Just before luncheon the soup was taken up and put in hot cups, and the strips of veal, the potatoes and peas in the crusts were arranged on hot plates. All these were put in the warming oven, and fresh parsley stood ready in a cup of water on the table, to be added at the last moment. On the sideboard in the dining-room was the salad and the tea tray; the glasses for the dessert were ready in the kitchen, each one standing on a small plate.

The soup was put on before the guests came to the table. After it was eaten Dolly rose and got the hot, filled plates from the oven and put them on the sideboard; then she merely exchanged a hot plate with the food on it for the plate holding the soup cup. There was no delay or confusion, and no passing, so this went off easily, while Mary poured the tea from the tray her sister set before her. The same arrangement was made with the salad; this was already served on the sideboard, and the hot plate on the table was exchanged for the cold one with the lettuce.

After this course everything was taken off and the table crumbed. Then, while an animated conversation covered the pause, Dolly went to the kitchen and took the strawberry mousse from its pail in the tireless stove, being thankful as she did so that she did not have to dive into an ice-cream freezer and extract a wet, icy mould and half freeze her hands. She quickly put a heaping spoonful of the cream in each glass, put on one of the big berries which had been saved on purpose, and carried all four glasses in on a small tray, putting this on the sideboard and serving one at a time from there.

"I did not mind waiting at all," Dolly said, after the guests had gone. "I suppose it was because luncheon is such an informal meal anyway; or rather, it is supposed to be. I think I believe in doing a good deal as the English do both at breakfast and luncheon—have things on the sideboard and let the guests help themselves from there if they choose. However, I flatter myself I did pretty well, to-day. You noticed, I hope, that I left the room only twice, once to get the meat course, and once for the dessert, and no one seemed to pay any attention."

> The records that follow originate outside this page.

Lemma Rintegral_qform a F :
  (forall i j, mu.-integrable setT (EFin \o (fun x => F x i j))) ->
  \int[mu]_x qform (F x) a = qform (\matrix_(i, j) \int[mu]_x F x i j) a.
Proof.
move=> Fi; rewrite /qform Rintegral_vdot => [|i]; last exact: integrable_mulmx_entry.
congr vdot; apply/matrixP => i k; rewrite !ord1 !mxE.
under eq_Rintegral do rewrite mxE.
rewrite Rintegral_sum => [|j]; last exact: (integrableZr measurableT _ (Fi i j)).
by apply: eq_bigr => j _; rewrite RintegralZr // mxE.
Qed.

End vector_integrals.

End Rintegral_complements.

Lemma bounded_integrable d (T : measurableType d) (R : realType)
    (mu : {finite_measure set T -> \bar R}) (D : set T) (f : T -> R) (C : R) :
  measurable D -> measurable_fun D f -> (forall x, D x -> `|f x| <= C) ->
  mu.-integrable D (EFin \o f).
Proof.
move=> mD mf fC; apply: (le_integrable mD (g := EFin \o cst C)).
- exact/measurable_EFinP.
- move=> x Dx /=; rewrite !lee_fin (le_trans (fC x Dx)) //.
  by rewrite ger0_norm // (le_trans _ (fC x Dx)).
- exact: finite_measure_integrable_cst.
Qed.

Lemma le_integral_eq_ae d (T : measurableType d) (R : realType)
    (mu : {measure set T -> \bar R}) (D : set T) (f h : T -> R) :
  measurable D -> mu.-integrable D (EFin \o f) -> mu.-integrable D (EFin \o h) ->
  (forall x, D x -> f x <= h x) ->
  (\int[mu]_(x in D) (f x)%:E = \int[mu]_(x in D) (h x)%:E)%E ->
  {ae mu, forall x, D x -> f x = h x}.
Proof.
move=> mD fi hi fh fhE.
have hfi : mu.-integrable D ((EFin \o h) \- (EFin \o f))%E by exact: integrableB.
have hf0 : (\int[mu]_(x in D) `|((EFin \o h) \- (EFin \o f))%E x|)%E = 0%E.
  rewrite (eq_integral (fun x => (EFin \o h) x - (EFin \o f) x))%E; last first.
    by move=> x /[!inE] Dx /=; rewrite -EFinB ger0_norm // subr_ge0 fh.
  by rewrite integralB // fhE subee // (integrable_fin_num mD hi).
have := (ae_eq_integral_abs mu mD (measurable_int _ hfi)).1 hf0.
by apply: filterS => x + Dx => /(_ Dx) /= /eqP; rewrite -EFinB eqe subr_eq0 => /eqP.
Qed.

Lemma measurable_invr (R : realType) : measurable_fun [set: R] (@GRing.inv R).
Proof.
have -> : [set: R] = [set x | x != 0] `|` [set 0].
  by apply/seteqP; split => x //= _; case: (eqVneq x 0); [right|left].
have o0 : open [set x : R | x != 0] by exact: open_neq.
apply/measurable_funU => //; first exact: open_measurable.
split; last exact: measurable_fun_set1.
apply: open_continuous_measurable_fun => // x.
by rewrite inE => /= x0; exact: inv_continuous.
Qed.

Lemma lower_semicontinuous_sup (T : topologicalType) (R : realType) I
    (f : I -> T -> R) : (forall i, continuous (f i)) ->
  lower_semicontinuous (fun x => ereal_sup (range (fun i => (f i x)%:E))).
Proof.
move=> fc; apply/lower_semicontinuousP => r.
have -> : [set x | r%:E < ereal_sup (range (fun i => (f i x)%:E))]%E =
    \bigcup_i (f i @^-1` [set y | r < y]).
  apply/seteqP; split => x /=.
    by case/ereal_sup_gt => _ [i _ <-]; rewrite lte_fin => ?; exists i.
  move=> [i _ rfi]; apply: (lt_le_trans _ (ereal_sup_ubound _)); last by exists i.
  by rewrite lte_fin.
by apply: bigcup_open => i _; apply: open_comp; [move=> x _; exact: fc|exact: open_gt].
Qed.

Section density.
Context d (X : measurableType d) (R : realType).
Variables (p : {finite_measure set X -> \bar R})
  (q : {sigma_finite_measure set X -> \bar R}) (g : X -> R).
Hypotheses (mg : measurable_fun setT g)
  (pg : forall A, measurable A -> p A = (\int[q]_(x in A) (g x)%:E)%E).

Let pq : p `<< q.
Proof.
apply/null_content_dominatesP => A mA qA0; rewrite pg //.
exact/(null_set_integral mA _ qA0)/measurable_EFinP/measurable_funTS.
Qed.

Local Notation RN := (Radon_Nikodym (charge_of_finite_measure p) q).

Let RN_ae : ae_eq q setT RN (EFin \o g).
Proof.
apply: integral_ae_eq => //.
- exact: Radon_Nikodym_integrable.
- exact/measurable_EFinP.
- by move=> E _ mE; rewrite -Radon_Nikodym_integral // -pg.
Qed.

"You did beautifully. You had 'the noiseless tread' the perfect maid is supposed to possess and so seldom actually does have. You see you can get along very well by yourself. Really, if one has everythingpossible on the sideboard or on the serving table, and will serve the main course ready prepared on plates, there is nothing simpler than a luncheon. Now that we have tea served with the main course quite as often as coffee at the end, that too makes things easy, for with a ready prepared tray one can always manage passing the cups to a few women, and if there is nothing else on the table there can be no confusion."

"And what did it cost?" Dolly inquired, getting out her book.

"Soup: I got a quart of milk for that, and used a little spinach left over from the night before; I got a little extra on purpose when I was buying it. Then I had a third of the milk left still for the potatoes. The soup was about .07. There was three-quarters of a pound of the veal, .21. By the way, did you see me cook that? I pounded it well to ensure its being tender, and then I breaded it twice over."

"I thought you always breaded things twice."

"I mean I breaded it four times. I dipped each piece in crumbs, then in egg, then in crumbs, just as usual; then I laid it away till this dried, and repeated the process. Last of all I fried it in the wire basket in deep fat, and the result was a thick rich crust over veal as tender as chicken. That is the way the Germans cook it, and I think it is awfully good.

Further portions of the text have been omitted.